A very important function of the feathers on birds is the maintenance
of a constant body temperature. The fact that Archæopteryx had feathers
showed that it was a real, warm-blooded bird that needed to regulate its
body heat, in contrast to dinosaurs.
Speculations of Evolutionists: The Teeth and Claws of
Archæopteryx
Two important points evolutionist biologists rely on when claiming Archæopteryx
was a transitional form, are the claws on its wings and its teeth.
It is true that Archæopteryx had claws on its wings and teeth in its
mouth, but these traits do not imply that the creature bore any kind of
relationship to reptiles. Besides, two bird species living today, Taouraco
and Hoatzin, have claws which allow them to hold onto branches. These
creatures are fully birds, with no reptilian characteristics. That is
why it is completely groundless to assert that Archæopteryx is a transitional
form just because of the claws on its wings.
Neither do the teeth in Archæopteryx's beak imply that it is a transitional
form. Evolutionists make a purposeful trickery by saying that these teeth
are reptile characteristics, since teeth are not a typical feature of
reptiles. Today, some reptiles have teeth while others do not. Moreover,
Archæopteryx is not the only bird species to possess teeth. It is true
that there are no toothed birds in existence today, but when we look at
the fossil record, we see that both during the time of Archæopteryx and
afterwards, and even until fairly recently, a distinct bird genus existed
that could be categorised as "birds with teeth".
The most important point is that the tooth structure of Archæopteryx
and other birds with teeth is totally different from that of their alleged
ancestors, the dinosaurs. The well-known ornithologists L. D. Martin,
J. D. Steward, and K. N. Whetstone observed that Archæopteryx and other
similar birds have teeth with flat-topped surfaces and large roots. Yet
the teeth of theropod dinosaurs, the alleged ancestors of these birds,
are protuberant like saws and have narrow roots.48
These researchers also compared the wrist bones of Archæopteryx and their
alleged ancestors, the dinosaurs, and observed no similarity between them.49
Studies by anatomists like S. Tarsitano, M. K. Hecht, and A.D. Walker
have revealed that some of the similarities that John Ostrom and other
have seen between Archæopteryx and dinosaurs were in reality misinterpretations.50
All these findings indicate that Archæopteryx was not a transitional
link but only a bird that fell into a category that can be called "toothed
birds".
Archæopteryx and Other Bird Fossils
While evolutionists have for decades been proclaiming Archæopteryx to
be the greatest evidence for their scenario concerning the evolution of
birds, some recently-found fossils invalidate that scenario in other respects.
Lianhai Hou and Zhonghe Zhou, two paleontologists at the Chinese Institute
of Vertebrate Paleontology, discovered a new bird fossil in 1995, and
named it Confuciusornis.

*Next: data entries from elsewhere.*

Lemma lin_over_oppf d : lin_over d -> lin_over (fun x => - d x).
Proof. by move=> hd r x y; rewrite hd opprD scalerN. Qed.

Lemma lin_over_comp d e : lin_over d -> lin_over e -> lin_over (fun x => d (e x)).
Proof. by move=> hd he r x y; rewrite he hd. Qed.

Lemma lin_over_comm_op d e : lin_over d -> lin_over e -> lin_over (comm_op d e).
Proof.
move=> hd he; apply: lin_over_addf; first exact: lin_over_comp.
by apply: lin_over_oppf; apply: lin_over_comp.
Qed.

Lemma lin_over_sumf (I : Type) (r : seq I) (F : I -> M -> M) :
  (forall i, lin_over (F i)) -> lin_over (fun x => \sum_(i <- r) F i x).
Proof.
move=> hF; elim: r => [|i r IH].
  by move=> c x y; rewrite !big_nil scaler0 addr0.
by move=> c x y; rewrite !big_cons hF IH scalerDr addrACA.
Qed.

End LinOver.

Lemma lin_over_scalef (R : comPzRingType) (M : lmodType R) (d : M -> M) p :
  lin_over d -> lin_over (fun x => p *: d x).
Proof. by move=> hd r x y; rewrite hd scalerDr !scalerA mulrC. Qed.

Section DiffLt.
Variables (R : pzRingType) (M : lmodType R) (C : Type) (act : C -> M -> M).
Hypothesis act_lin : forall c, lin_over (act c).
Implicit Types (d e : M -> M).

Fixpoint diff_lt (q : nat) d : Prop :=
  if q is q'.+1 then forall c, diff_lt q' (comm_op (act c) d) else forall x, d x = 0.

Lemma diff_order_lt m d : diff_order act m d <-> diff_lt m.+1 d.
Proof.
elim: m d => [|m IH] d /=.
  split=> [H c x | H [|c [|? ?]] // _ x]; first exact: (H [:: c]).
  exact: H.
split=> [H c | H [|c fs] //= [Hs] x].
  by apply/IH => fs Hs x; apply: (H (c :: fs)); rewrite /= Hs.
exact: (proj2 (IH _) (H c)).
Qed.

Lemma diff_ltS q d : diff_lt q d -> diff_lt q.+1 d.
Proof.
elim: q d => [|q IH] d /= H c; last exact: IH.
by move=> x; rewrite /comm_op !H lin_over0 ?subr0.
Qed.

Lemma diff_lt_le q q' d : (q <= q')%N -> diff_lt q d -> diff_lt q' d.
Proof.
move/subnKC <-; elim: (q' - q)%N => [|m IH] H; first by rewrite addn0.
by rewrite addnS; apply/diff_ltS/IH.
Qed.

Lemma is_diff_lt d : is_diff act d <-> exists q, diff_lt q d.
Proof.
split=> [[m /diff_order_lt H] | [q H]]; first by exists m.+1.
by exists q; apply/diff_order_lt/diff_ltS.
Qed.

Lemma diff_lt_cst0 q : diff_lt q (fun _ => 0).
Proof.
elim: q => [|q IH] //= c.
suff -> : comm_op (act c) (fun _ => 0) = (fun _ => 0) by [].
by apply: functional_extensionality => x; rewrite /comm_op lin_over0 ?subr0.
Qed.

Lemma diff_lt_add q d e :
  diff_lt q d -> diff_lt q e -> diff_lt q (fun x => d x + e x).
Proof.
elim: q d e => [|q IH] d e /= Hd He; first by move=> x; rewrite Hd He addr0.
move=> c; suff -> : comm_op (act c) (fun x => d x + e x) =
    (fun x => comm_op (act c) d x + comm_op (act c) e x) by exact: IH.
by apply: functional_extensionality => x; rewrite /comm_op lin_overD // opprD addrACA.
Qed.

Lemma diff_lt_scale q d r : diff_lt q d -> diff_lt q (fun x => r *: d x).
Proof.
elim: q d => [|q IH] d /= Hd; first by move=> x; rewrite Hd scaler0.
move=> c; suff -> : comm_op (act c) (fun x => r *: d x) =
    (fun x => r *: comm_op (act c) d x) by exact: IH.
by apply: functional_extensionality => x; rewrite /comm_op lin_overZ // scalerBr.
Qed.

Lemma diff_lt_sum q (I : Type) (r : seq I) (F : I -> M -> M) :
  (forall i, diff_lt q (F i)) -> diff_lt q (fun x => \sum_(i <- r) F i x).
Proof.
move=> HF; elim: r => [|i r IH].
  suff -> : (fun x => \sum_(i <- [::]) F i x) = (fun _ => 0) by exact: diff_lt_cst0.
  by apply: functional_extensionality => x; rewrite big_nil.
suff -> : (fun x => \sum_(j <- i :: r) F j x) = (fun x => F i x + \sum_(j <- r) F j x).
  exact: diff_lt_add.
by apply: functional_extensionality => x; rewrite big_cons.
Qed.

Lemma diffop_mod_add d e :
  diffop_mod act d -> diffop_mod act e -> diffop_mod act (fun x => d x + e x).
Proof.
move=> [ld /is_diff_lt [q Hd]] [le /is_diff_lt [q' He]].
split; first exact: lin_over_addf.
apply/is_diff_lt; exists (q + q')%N.
by apply: diff_lt_add; [apply: diff_lt_le Hd | apply: diff_lt_le He];
  rewrite ?leq_addr ?leq_addl.
Qed.

Lemma diffop_mod_sub d e :
  diffop_mod act d -> diffop_mod act e -> diffop_mod act (fun x => d x - e x).
Proof.
move=> hd [le /is_diff_lt [q He]]; apply: diffop_mod_add => //.
split; first exact: lin_over_oppf.
apply/is_diff_lt; exists q.
suff -> : (fun x => - e x) = (fun x => (-1) *: e x) by exact: diff_lt_scale.
by apply: functional_extensionality => x; rewrite scaleN1r.
Qed.

Lemma diffop_mod_cst0 : diffop_mod act (fun _ => 0).
Proof. by split; [exact: lin_over_cst0 | apply/is_diff_lt; exists 0%N]. Qed.

End DiffLt.

Lemma diffop_mod_scale (R : comPzRingType) (M : lmodType R) (C : Type)
    (act : C -> M -> M) d p :
  (forall c, lin_over (act c)) -> diffop_mod act d ->
  diffop_mod act (fun x => p *: d x).
Proof.
move=> act_lin [ld /(is_diff_lt act_lin) [q Hd]].
split; first exact: lin_over_scalef.
by apply/(is_diff_lt act_lin); exists q; apply: diff_lt_scale.
Qed.

Lemma lin_over_mull (R : pzRingType) (B : algType R) (b : B) :
  lin_over (fun x => b * x).
Proof. by move=> r x y; rewrite mulrDr -scalerAr. Qed.

Section DiffOpsOnAlgebra.
Variables (k : fieldType) (A : comAlgType k).
Implicit Types (a : A) (P : A -> A).

Let mul_act a x : A := a * x.

Lemma mul_act_lin a : lin_over (mul_act a).
Proof. by move=> r x y; rewrite /mul_act mulrDr scalerAr. Qed.

Lemma DA_mul a : DA (mul_act a).
Proof.
split; first exact: mul_act_lin.
by apply/(is_diff_lt mul_act_lin); exists 1%N => c x; rewrite /comm_op /mul_act mulrCA subrr.
Qed.

Lemma diff_lt_mull q P a : diff_lt mul_act q P -> diff_lt mul_act q (fun x => a * P x).
Proof.
elim: q P => [|q IH] P /= HP; first by move=> x; rewrite HP mulr0.
move=> c; suff -> : comm_op (mul_act c) (fun x => a * P x) =
    (fun x => a * comm_op (mul_act c) P x) by exact: IH.
by apply: functional_extensionality => x; rewrite /comm_op /mul_act mulrBr mulrCA.
Qed.

Lemma diff_lt_mulr q P a : diff_lt mul_act q P -> diff_lt mul_act q (fun x => P (a * x)).
Proof.
elim: q P => [|q IH] P /= HP; first by move=> x; rewrite HP.
move=> c; suff -> : comm_op (mul_act c) (fun x => P (a * x)) =
    (fun x => comm_op (mul_act c) P (a * x)) by exact: IH.
by apply: functional_extensionality => x; rewrite /comm_op /mul_act mulrCA.
Qed.

Lemma DA_mull P a : DA P -> DA (fun x => a * P x).
Proof.
case=> lP /(is_diff_lt mul_act_lin) [q HP]; split.
  by move=> r x y; rewrite lP mulrDr scalerAr.
by apply/(is_diff_lt mul_act_lin); exists q; apply: diff_lt_mull.
Qed.

Lemma DA_mulr P a : DA P -> DA (fun x => P (a * x)).
Proof.
case=> lP /(is_diff_lt mul_act_lin) [q HP]; split.
  by move=> r x y; rewrite mulrDr -scalerAr lP.
by apply/(is_diff_lt mul_act_lin); exists q; apply: diff_lt_mulr.
Qed.

Lemma DA_scale P c : DA P -> DA (fun x => c *: P x).
Proof. exact: diffop_mod_scale mul_act_lin. Qed.

End DiffOpsOnAlgebra.

Section TadicFiltration.
Variables (k : fieldType) (B : algType {poly k}).
Implicit Types (x y : B) (m : nat).

Lemma in_tpow_deg0 x : in_tpow 0 x.
Proof. by exists x; rewrite expr0 scale1r. Qed.

Lemma in_tpow0 m : in_tpow m (0 : B).
Proof. by exists 0; rewrite scaler0. Qed.

Lemma in_tpowD m x y : in_tpow m x -> in_tpow m y -> in_tpow m (x + y).
Proof. by move=> [x' ->] [y' ->]; exists (x' + y'); rewrite scalerDr. Qed.

Lemma in_tpowN m x : in_tpow m x -> in_tpow m (- x).
Proof. by move=> [x' ->]; exists (- x'); rewrite scalerN. Qed.

Lemma in_tpowB m x y : in_tpow m x -> in_tpow m y -> in_tpow m (x - y).
Proof. by move=> hx hy; apply/in_tpowD/in_tpowN. Qed.

Lemma in_tpowZ m p x : in_tpow m x -> in_tpow m (p *: x).
Proof. by move=> [x' ->]; exists (p *: x'); rewrite !scalerA mulrC. Qed.

Lemma in_tpow_sum m (I : Type) (r : seq I) (F : I -> B) :
  (forall i, in_tpow m (F i)) -> in_tpow m (\sum_(i <- r) F i).
Proof.
move=> HF; elim: r => [|i r IH]; first by rewrite big_nil; apply: in_tpow0.
by rewrite big_cons; apply: in_tpowD.
Qed.

Lemma in_tpow_lin m (d : B -> B) x : lin_over d -> in_tpow m x -> in_tpow m (d x).
Proof. by move=> hd [x' ->]; exists (d x'); rewrite lin_overZ. Qed.

Lemma in_tpowS m x : in_tpow m.+1 x -> in_tpow m x.
Proof. by move=> [x' ->]; exists ('X *: x'); rewrite scalerA -exprSr. Qed.

Lemma in_tpowX m x : in_tpow m x -> in_tpow m.+1 ('X *: x).
Proof. by move=> [x' ->]; exists x'; rewrite scalerA -exprS. Qed.

Lemma in_tpowXn m x : in_tpow m ('X^m *: x).
Proof. by exists x. Qed.

Lemma in_tpow_nilp n x : 'X^n *: (1 : B) = 0 -> in_tpow n x -> x = 0.
Proof. by move=> tn0 [x' ->]; rewrite -(mul1r x') scalerAl tn0 mul0r. Qed.

End TadicFiltration.

Definition into_tpow (k : fieldType) (B : algType {poly k}) (j : nat) (e : B -> B) :=
  forall x, in_tpow j (e x).

Section GradedIso.
Variables (k : fieldType) (A : comAlgType k) (n : nat) (B : algType {poly k}).
Variable psi : nat -> B -> A.
Hypothesis hpsi : graded_iso n psi.
Implicit Types (x y : B) (e : B -> B) (a : A) (P : A -> A).

Lemma psiD j x y : (j <= n)%N -> in_tpow j x -> in_tpow j y ->
  psi j (x + y) = psi j x + psi j y.
Proof. by move=> hj hx hy; have := gi_lin hpsi 1 hj hx hy; rewrite !scale1r. Qed.

Lemma psi0 j : (j <= n)%N -> psi j 0 = 0.
Proof.
move=> hj; apply: (addrI (psi j 0)).
by rewrite -psiD ?addr0 //; apply: in_tpow0.
Qed.

Lemma psiB j x y : (j <= n)%N -> in_tpow j x -> in_tpow j y ->
  psi j (x - y) = psi j x - psi j y.
Proof.
move=> hj hx hy; have := gi_lin hpsi (-1) hj hy (in_tpow0 _ j).
rewrite addr0 polyCN !scaleN1r psi0 // addr0 => psiN.
by rewrite psiD ?psiN //; apply: in_tpowN.
Qed.

Lemma psiXn j y : (j <= n)%N -> psi j ('X^j *: y) = psi 0 y.
Proof.
elim: j => [|j IH] hj; first by rewrite expr0 scale1r.
by rewrite exprS -scalerA (gi_t hpsi) ?IH ?(ltnW hj) //; apply: in_tpowXn.
Qed.

Lemma psi_tpowS j x : (j <= n)%N -> in_tpow j.+1 x -> psi j x = 0.
Proof. by move=> hj hx; apply/(gi_ker hpsi hj (in_tpowS hx)). Qed.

This fossil is almost the same age as Archæopteryx
(around 140 million years), but has no teeth in its mouth. In addition,
its beak and feathers shared the same features as today's birds. Confuciusornis
has the same skeletal structure as present-day , but also has claws on
its wings, just like Archæopteryx. Another structure peculiar to birds
called the "pygostyle", which supports the tail feathers, was also found
in Confuciusornis. In short, this fossil-which is the same age as Archæopteryx,
which was previously thought to be the earliest bird and was accepted
as a semi-reptile-looks very much like a bird living today. This fact has invalidated
all the evolutionist theses claiming Archæopteryx to be the primitive
ancestor of all birds.51
Another fossil unearthed in China, caused even greater confusion. In
November 1996, the existence of a 130-million-year-old bird named Liaoningornis
was announced in Science by L. Hou, L. D. Martin, and Alan Feduccia. Liaoningornis
had a breastbone to which the muscles for flight were attached, just as
in today’s birds. This bird was indistinguishable from present-day birds also
in other respects, too. The only difference was the teeth in its mouth.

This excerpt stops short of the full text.